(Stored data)
- Opening Delimiter -

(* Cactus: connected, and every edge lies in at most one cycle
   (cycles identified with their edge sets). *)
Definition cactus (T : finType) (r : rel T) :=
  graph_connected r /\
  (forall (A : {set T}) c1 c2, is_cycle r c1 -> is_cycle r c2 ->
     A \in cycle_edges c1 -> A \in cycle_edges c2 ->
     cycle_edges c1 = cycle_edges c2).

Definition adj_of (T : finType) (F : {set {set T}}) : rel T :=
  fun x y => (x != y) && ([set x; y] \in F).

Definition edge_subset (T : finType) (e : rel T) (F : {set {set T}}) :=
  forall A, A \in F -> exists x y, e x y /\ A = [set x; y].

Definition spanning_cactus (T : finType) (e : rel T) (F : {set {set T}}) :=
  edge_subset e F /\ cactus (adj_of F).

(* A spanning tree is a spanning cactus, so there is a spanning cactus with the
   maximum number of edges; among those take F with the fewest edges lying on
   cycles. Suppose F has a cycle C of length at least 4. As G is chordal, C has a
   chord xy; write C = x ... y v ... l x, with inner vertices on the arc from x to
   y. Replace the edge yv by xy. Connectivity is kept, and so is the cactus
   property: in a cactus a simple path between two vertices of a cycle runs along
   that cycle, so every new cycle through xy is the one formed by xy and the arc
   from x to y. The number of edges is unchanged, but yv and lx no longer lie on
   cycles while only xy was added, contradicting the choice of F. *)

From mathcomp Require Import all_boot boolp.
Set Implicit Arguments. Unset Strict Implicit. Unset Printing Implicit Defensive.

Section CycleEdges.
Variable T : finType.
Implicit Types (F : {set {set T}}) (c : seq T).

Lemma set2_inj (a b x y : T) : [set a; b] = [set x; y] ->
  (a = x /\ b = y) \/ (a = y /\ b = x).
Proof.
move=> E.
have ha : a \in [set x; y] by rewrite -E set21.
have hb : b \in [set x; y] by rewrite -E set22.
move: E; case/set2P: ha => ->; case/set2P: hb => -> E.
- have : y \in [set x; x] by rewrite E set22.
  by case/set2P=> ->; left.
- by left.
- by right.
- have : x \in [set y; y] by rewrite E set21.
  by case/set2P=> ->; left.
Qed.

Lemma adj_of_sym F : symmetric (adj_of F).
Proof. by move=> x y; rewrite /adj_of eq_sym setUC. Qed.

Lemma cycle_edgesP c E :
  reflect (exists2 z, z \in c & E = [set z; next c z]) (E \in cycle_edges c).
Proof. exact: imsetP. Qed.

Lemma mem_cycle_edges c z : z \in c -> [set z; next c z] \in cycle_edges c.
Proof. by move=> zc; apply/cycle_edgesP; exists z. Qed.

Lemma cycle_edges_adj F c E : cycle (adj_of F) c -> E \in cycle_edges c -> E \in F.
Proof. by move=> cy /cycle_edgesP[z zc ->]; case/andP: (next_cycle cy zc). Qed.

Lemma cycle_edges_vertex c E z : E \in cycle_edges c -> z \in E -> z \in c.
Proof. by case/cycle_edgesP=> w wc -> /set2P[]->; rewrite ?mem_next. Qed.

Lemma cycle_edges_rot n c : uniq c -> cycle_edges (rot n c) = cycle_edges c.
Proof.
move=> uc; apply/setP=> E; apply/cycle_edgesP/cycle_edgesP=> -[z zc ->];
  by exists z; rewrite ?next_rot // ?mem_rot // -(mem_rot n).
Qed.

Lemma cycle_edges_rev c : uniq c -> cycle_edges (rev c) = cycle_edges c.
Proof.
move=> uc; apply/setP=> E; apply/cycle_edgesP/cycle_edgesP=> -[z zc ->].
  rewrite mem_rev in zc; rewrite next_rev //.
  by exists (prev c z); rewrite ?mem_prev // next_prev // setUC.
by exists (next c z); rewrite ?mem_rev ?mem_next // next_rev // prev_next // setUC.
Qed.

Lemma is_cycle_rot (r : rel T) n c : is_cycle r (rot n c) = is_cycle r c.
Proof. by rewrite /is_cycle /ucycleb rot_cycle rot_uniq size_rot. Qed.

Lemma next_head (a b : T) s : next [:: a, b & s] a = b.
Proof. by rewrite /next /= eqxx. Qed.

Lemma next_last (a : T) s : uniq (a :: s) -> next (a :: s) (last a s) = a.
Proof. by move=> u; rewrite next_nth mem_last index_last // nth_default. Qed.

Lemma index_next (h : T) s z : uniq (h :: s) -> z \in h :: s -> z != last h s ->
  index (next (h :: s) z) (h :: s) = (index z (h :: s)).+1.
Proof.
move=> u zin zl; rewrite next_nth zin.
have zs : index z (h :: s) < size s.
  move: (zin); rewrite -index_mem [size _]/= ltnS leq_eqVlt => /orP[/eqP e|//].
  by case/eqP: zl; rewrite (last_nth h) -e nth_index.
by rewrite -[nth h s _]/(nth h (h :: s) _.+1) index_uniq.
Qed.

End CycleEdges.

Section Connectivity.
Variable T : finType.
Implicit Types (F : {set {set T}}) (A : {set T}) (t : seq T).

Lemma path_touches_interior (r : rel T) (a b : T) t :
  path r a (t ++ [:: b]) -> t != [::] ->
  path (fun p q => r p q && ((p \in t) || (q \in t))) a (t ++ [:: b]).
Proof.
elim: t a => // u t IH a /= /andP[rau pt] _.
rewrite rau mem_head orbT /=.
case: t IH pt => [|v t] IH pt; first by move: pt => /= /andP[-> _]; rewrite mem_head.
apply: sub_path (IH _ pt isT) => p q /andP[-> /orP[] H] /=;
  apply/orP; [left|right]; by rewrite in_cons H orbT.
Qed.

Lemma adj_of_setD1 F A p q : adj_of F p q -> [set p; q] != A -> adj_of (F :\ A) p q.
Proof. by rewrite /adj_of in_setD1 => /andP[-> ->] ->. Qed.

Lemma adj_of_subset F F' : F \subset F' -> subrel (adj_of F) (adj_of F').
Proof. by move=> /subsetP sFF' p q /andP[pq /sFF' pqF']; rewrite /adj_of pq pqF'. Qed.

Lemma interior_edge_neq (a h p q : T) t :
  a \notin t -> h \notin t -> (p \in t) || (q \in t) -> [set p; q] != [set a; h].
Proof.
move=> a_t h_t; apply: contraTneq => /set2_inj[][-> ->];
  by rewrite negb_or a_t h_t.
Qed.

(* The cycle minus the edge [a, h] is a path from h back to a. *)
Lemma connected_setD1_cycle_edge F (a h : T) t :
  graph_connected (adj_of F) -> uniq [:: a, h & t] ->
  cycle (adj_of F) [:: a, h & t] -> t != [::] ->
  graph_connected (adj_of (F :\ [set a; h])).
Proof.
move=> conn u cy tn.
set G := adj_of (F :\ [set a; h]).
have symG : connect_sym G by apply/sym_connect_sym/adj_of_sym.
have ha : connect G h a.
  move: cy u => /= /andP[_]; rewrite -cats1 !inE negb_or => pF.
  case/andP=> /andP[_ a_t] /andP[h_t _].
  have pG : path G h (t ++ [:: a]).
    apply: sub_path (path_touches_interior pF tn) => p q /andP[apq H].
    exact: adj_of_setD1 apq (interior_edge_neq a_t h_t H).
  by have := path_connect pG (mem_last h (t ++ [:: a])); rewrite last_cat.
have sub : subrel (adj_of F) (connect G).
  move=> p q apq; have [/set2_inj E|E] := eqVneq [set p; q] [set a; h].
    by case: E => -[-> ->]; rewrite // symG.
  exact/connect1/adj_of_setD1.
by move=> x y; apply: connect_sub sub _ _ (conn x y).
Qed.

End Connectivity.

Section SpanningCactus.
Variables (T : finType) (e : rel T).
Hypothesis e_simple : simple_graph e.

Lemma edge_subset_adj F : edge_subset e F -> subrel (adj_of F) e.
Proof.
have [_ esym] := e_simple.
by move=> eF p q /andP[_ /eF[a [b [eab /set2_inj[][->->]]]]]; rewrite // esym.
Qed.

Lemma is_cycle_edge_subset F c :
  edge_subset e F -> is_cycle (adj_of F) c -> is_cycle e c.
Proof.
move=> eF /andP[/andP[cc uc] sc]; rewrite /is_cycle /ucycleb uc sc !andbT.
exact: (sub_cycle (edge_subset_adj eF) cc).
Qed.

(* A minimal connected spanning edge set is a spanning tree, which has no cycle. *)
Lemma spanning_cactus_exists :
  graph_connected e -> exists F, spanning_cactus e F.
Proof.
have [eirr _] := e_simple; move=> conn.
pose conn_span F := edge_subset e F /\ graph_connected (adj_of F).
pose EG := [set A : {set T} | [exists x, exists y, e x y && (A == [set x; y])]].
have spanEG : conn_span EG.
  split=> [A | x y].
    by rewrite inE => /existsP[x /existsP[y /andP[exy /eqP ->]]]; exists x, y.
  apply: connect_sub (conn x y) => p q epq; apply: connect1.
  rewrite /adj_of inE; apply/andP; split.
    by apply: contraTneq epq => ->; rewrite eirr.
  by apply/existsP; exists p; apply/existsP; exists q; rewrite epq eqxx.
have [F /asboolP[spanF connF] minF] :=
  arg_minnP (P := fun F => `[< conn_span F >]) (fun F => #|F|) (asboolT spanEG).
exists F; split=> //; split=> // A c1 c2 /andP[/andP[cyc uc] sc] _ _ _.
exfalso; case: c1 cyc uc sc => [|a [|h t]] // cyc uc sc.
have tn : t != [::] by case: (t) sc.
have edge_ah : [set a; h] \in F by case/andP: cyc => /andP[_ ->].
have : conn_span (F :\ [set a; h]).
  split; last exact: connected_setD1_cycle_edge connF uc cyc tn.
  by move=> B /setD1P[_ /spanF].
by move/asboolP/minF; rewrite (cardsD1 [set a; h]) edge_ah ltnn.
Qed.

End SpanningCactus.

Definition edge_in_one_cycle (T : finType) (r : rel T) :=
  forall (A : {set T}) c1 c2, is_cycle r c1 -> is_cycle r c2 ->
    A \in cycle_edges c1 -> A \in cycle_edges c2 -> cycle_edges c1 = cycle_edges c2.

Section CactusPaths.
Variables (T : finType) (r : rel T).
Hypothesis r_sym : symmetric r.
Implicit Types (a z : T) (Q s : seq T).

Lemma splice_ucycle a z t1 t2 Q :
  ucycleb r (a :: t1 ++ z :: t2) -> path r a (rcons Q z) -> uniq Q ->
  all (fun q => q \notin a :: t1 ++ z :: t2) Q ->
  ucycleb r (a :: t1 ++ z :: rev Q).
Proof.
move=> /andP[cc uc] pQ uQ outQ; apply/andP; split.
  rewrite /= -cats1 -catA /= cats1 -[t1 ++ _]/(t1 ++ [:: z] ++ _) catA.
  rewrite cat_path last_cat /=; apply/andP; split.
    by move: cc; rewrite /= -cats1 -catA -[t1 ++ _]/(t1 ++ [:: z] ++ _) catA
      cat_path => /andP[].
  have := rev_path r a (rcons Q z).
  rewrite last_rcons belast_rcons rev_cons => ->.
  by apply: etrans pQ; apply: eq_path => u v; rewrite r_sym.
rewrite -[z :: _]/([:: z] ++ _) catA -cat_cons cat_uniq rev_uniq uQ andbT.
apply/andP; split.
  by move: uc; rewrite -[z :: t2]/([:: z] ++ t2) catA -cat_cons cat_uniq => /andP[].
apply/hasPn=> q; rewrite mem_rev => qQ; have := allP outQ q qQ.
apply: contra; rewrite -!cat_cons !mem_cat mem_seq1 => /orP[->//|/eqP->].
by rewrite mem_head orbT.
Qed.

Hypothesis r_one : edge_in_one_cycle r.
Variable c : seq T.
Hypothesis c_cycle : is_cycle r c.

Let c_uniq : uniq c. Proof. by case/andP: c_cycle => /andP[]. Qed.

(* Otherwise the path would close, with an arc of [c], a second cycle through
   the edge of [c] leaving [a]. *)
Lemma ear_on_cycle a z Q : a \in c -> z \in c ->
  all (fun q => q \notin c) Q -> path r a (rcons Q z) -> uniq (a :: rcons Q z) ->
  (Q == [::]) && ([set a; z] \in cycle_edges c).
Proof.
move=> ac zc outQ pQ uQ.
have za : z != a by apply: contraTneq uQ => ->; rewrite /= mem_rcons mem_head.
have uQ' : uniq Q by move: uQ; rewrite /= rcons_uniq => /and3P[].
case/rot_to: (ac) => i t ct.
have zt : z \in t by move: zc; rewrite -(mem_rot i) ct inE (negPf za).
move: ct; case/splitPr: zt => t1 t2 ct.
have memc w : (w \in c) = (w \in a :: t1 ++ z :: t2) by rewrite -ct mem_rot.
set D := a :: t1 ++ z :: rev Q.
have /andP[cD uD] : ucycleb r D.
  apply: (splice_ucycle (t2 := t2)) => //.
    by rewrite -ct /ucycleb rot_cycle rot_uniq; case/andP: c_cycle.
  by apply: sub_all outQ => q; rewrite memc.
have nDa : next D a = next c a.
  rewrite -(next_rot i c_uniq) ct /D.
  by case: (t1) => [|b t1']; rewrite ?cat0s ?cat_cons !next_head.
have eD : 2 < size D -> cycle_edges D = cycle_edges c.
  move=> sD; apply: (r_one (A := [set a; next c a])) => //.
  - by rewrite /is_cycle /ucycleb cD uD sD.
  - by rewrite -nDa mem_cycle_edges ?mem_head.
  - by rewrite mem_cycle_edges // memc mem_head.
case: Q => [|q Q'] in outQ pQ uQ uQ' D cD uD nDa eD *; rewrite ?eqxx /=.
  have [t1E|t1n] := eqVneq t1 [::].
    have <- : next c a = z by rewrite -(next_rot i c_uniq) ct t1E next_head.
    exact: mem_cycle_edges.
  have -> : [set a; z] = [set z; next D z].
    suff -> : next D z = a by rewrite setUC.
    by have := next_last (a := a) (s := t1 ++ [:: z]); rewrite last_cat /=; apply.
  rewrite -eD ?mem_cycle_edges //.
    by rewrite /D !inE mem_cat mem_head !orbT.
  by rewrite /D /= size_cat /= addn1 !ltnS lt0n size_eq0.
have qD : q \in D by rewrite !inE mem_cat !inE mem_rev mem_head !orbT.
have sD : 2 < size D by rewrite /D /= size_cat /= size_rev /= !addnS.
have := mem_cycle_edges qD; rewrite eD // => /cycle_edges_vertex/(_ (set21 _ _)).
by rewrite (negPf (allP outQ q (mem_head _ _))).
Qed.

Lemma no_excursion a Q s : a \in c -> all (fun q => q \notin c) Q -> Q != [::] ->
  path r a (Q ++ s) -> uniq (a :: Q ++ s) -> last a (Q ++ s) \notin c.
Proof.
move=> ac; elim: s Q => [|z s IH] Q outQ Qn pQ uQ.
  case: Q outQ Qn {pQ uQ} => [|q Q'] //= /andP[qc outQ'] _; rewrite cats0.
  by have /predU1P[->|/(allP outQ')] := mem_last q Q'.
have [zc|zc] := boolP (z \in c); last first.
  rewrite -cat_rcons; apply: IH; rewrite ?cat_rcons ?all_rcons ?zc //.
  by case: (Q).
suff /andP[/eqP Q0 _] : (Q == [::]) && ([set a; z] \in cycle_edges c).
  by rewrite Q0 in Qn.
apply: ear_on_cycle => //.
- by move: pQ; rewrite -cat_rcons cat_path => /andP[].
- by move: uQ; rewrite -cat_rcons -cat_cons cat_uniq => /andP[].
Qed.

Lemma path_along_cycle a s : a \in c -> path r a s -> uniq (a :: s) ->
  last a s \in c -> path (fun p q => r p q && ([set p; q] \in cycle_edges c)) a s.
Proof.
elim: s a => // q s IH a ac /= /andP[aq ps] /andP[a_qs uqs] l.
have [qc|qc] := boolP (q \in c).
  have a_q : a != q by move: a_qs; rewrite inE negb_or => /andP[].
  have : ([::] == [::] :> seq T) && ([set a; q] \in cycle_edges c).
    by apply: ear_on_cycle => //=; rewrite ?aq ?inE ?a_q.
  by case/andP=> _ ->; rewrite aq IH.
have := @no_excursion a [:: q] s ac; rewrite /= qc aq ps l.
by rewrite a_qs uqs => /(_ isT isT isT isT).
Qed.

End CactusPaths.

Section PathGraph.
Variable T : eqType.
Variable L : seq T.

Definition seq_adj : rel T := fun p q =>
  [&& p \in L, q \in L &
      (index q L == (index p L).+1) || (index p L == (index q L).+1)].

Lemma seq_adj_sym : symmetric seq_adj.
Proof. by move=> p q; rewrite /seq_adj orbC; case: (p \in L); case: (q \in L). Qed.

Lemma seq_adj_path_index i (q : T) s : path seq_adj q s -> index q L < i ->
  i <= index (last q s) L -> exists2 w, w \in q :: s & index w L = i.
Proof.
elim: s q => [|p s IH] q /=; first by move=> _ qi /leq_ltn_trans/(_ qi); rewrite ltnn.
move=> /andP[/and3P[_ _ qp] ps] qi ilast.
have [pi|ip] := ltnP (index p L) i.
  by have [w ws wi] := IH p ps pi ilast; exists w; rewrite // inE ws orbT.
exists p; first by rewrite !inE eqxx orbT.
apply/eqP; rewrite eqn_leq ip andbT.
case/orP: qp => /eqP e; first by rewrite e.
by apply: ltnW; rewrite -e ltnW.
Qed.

- Closing Delimiter -
- Opening Delimiter -

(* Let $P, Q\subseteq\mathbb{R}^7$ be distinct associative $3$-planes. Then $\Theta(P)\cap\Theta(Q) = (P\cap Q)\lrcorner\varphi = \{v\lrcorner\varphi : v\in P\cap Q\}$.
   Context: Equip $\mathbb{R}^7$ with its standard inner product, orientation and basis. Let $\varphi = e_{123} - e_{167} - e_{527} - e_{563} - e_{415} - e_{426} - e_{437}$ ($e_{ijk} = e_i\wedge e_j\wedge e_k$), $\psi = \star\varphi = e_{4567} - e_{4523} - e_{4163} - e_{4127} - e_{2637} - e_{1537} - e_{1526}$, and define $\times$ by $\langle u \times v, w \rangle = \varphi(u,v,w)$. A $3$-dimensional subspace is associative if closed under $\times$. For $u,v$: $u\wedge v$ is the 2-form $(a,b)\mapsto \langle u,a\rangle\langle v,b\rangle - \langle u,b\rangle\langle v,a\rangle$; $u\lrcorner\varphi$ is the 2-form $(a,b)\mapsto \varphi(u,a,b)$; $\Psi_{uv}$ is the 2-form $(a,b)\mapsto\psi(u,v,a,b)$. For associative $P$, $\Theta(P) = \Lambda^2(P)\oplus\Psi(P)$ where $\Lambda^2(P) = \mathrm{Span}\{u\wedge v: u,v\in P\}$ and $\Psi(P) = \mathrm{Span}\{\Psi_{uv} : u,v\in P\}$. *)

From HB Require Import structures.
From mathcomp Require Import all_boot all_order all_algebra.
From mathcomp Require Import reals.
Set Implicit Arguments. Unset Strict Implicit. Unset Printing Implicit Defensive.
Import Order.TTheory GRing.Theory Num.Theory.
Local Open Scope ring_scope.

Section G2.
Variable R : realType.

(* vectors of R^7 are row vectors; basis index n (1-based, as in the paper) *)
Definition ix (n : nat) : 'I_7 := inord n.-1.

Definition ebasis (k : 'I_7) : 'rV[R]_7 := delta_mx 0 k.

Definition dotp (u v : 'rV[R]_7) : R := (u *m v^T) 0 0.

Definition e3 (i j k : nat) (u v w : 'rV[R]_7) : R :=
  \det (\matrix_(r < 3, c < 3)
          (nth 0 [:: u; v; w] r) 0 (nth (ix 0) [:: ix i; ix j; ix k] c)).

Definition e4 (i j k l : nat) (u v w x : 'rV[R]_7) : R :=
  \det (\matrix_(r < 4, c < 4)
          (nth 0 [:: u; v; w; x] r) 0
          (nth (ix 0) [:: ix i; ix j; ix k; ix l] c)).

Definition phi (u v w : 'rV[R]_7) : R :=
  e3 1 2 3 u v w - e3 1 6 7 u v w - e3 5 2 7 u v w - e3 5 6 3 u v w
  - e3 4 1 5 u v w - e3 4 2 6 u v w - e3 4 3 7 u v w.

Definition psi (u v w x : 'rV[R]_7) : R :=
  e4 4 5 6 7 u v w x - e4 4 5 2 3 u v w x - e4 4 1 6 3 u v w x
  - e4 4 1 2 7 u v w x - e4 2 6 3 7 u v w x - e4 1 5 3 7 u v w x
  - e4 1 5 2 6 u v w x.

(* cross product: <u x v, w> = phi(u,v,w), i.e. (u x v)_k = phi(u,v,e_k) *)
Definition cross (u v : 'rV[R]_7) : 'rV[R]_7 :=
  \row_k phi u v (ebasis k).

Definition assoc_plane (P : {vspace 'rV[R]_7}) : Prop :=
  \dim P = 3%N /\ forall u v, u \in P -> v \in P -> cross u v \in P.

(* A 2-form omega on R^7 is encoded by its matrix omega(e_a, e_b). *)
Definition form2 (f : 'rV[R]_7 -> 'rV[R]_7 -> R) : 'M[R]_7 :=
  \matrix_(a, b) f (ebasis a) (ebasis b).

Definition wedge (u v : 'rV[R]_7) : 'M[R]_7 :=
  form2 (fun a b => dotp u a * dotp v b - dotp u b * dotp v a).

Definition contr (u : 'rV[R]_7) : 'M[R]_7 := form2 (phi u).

- Closing Delimiter -
- Opening Delimiter -

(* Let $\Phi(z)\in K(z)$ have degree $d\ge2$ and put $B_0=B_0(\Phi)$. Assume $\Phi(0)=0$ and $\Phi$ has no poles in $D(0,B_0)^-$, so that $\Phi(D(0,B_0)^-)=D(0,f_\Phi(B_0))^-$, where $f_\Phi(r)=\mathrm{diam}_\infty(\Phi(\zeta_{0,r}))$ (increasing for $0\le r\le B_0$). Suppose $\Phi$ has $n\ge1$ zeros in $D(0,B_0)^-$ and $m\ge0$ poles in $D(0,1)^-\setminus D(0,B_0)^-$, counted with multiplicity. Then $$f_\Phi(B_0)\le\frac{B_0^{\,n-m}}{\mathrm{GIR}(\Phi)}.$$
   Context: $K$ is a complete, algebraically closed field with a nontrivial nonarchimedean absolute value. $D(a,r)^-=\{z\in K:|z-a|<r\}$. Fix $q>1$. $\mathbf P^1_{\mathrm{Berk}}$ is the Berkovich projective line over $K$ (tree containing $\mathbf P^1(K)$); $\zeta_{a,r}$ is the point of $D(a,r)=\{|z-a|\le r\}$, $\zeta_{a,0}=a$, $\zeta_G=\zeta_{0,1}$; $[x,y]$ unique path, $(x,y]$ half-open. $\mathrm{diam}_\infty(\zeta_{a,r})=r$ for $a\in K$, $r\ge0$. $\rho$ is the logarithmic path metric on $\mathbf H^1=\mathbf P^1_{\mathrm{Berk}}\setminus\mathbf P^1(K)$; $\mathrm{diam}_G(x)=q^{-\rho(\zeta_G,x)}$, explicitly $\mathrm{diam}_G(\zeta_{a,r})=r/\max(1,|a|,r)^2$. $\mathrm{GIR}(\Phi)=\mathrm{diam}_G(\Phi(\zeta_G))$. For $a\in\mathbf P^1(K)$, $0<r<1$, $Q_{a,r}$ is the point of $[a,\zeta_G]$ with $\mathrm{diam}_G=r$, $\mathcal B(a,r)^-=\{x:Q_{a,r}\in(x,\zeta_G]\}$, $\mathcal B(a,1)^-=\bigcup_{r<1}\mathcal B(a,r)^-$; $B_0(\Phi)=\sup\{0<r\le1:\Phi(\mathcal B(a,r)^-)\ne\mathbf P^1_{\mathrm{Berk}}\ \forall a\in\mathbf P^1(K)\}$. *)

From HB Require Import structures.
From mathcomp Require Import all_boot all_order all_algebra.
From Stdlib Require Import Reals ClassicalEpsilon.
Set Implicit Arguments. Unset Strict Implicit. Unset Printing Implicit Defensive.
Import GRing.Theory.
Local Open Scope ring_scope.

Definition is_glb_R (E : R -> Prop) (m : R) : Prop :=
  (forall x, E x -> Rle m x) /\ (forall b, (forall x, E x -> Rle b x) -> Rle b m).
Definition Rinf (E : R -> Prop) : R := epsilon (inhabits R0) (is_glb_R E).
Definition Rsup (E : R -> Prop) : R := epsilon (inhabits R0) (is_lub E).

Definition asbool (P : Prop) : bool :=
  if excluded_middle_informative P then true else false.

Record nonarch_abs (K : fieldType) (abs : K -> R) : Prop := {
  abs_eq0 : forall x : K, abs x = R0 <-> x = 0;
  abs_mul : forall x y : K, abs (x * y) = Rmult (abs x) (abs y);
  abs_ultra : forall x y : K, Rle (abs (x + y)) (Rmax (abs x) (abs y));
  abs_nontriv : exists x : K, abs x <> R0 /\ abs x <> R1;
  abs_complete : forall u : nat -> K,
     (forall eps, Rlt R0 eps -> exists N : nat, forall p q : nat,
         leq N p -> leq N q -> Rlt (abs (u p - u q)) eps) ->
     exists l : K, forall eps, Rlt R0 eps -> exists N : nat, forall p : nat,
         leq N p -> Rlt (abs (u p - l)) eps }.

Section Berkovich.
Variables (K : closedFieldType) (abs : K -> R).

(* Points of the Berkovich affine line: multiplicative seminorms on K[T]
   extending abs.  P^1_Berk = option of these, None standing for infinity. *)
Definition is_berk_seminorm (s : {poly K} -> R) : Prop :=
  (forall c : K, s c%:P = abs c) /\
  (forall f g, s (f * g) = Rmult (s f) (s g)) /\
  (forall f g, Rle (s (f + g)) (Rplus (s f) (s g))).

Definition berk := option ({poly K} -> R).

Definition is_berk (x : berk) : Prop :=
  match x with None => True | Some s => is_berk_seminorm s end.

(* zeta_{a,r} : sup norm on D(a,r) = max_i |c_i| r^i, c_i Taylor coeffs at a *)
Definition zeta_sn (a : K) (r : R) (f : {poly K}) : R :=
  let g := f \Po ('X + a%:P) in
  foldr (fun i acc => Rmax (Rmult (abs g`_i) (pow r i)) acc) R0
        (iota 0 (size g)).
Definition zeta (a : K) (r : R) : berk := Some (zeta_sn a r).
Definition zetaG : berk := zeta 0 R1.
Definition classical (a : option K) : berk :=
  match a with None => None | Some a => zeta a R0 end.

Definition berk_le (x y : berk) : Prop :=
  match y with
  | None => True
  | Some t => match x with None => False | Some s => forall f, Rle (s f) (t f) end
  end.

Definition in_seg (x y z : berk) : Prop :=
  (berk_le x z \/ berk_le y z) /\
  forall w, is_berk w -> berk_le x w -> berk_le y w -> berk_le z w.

- Closing Delimiter -

## Task directions
In the data above, retype exactly and only the lines between the one holding "suff -> : next D z = a by rewrite setUC." and the one holding "have qD : q", inclusive.

## Answer to this exercise
    suff -> : next D z = a by rewrite setUC.
    by have := next_last (a := a) (s := t1 ++ [:: z]); rewrite last_cat /=; apply.
  rewrite -eD ?mem_cycle_edges //.
    by rewrite /D !inE mem_cat mem_head !orbT.
  by rewrite /D /= size_cat /= addn1 !ltnS lt0n size_eq0.
have qD : q \in D by rewrite !inE mem_cat !inE mem_rev mem_head !orbT.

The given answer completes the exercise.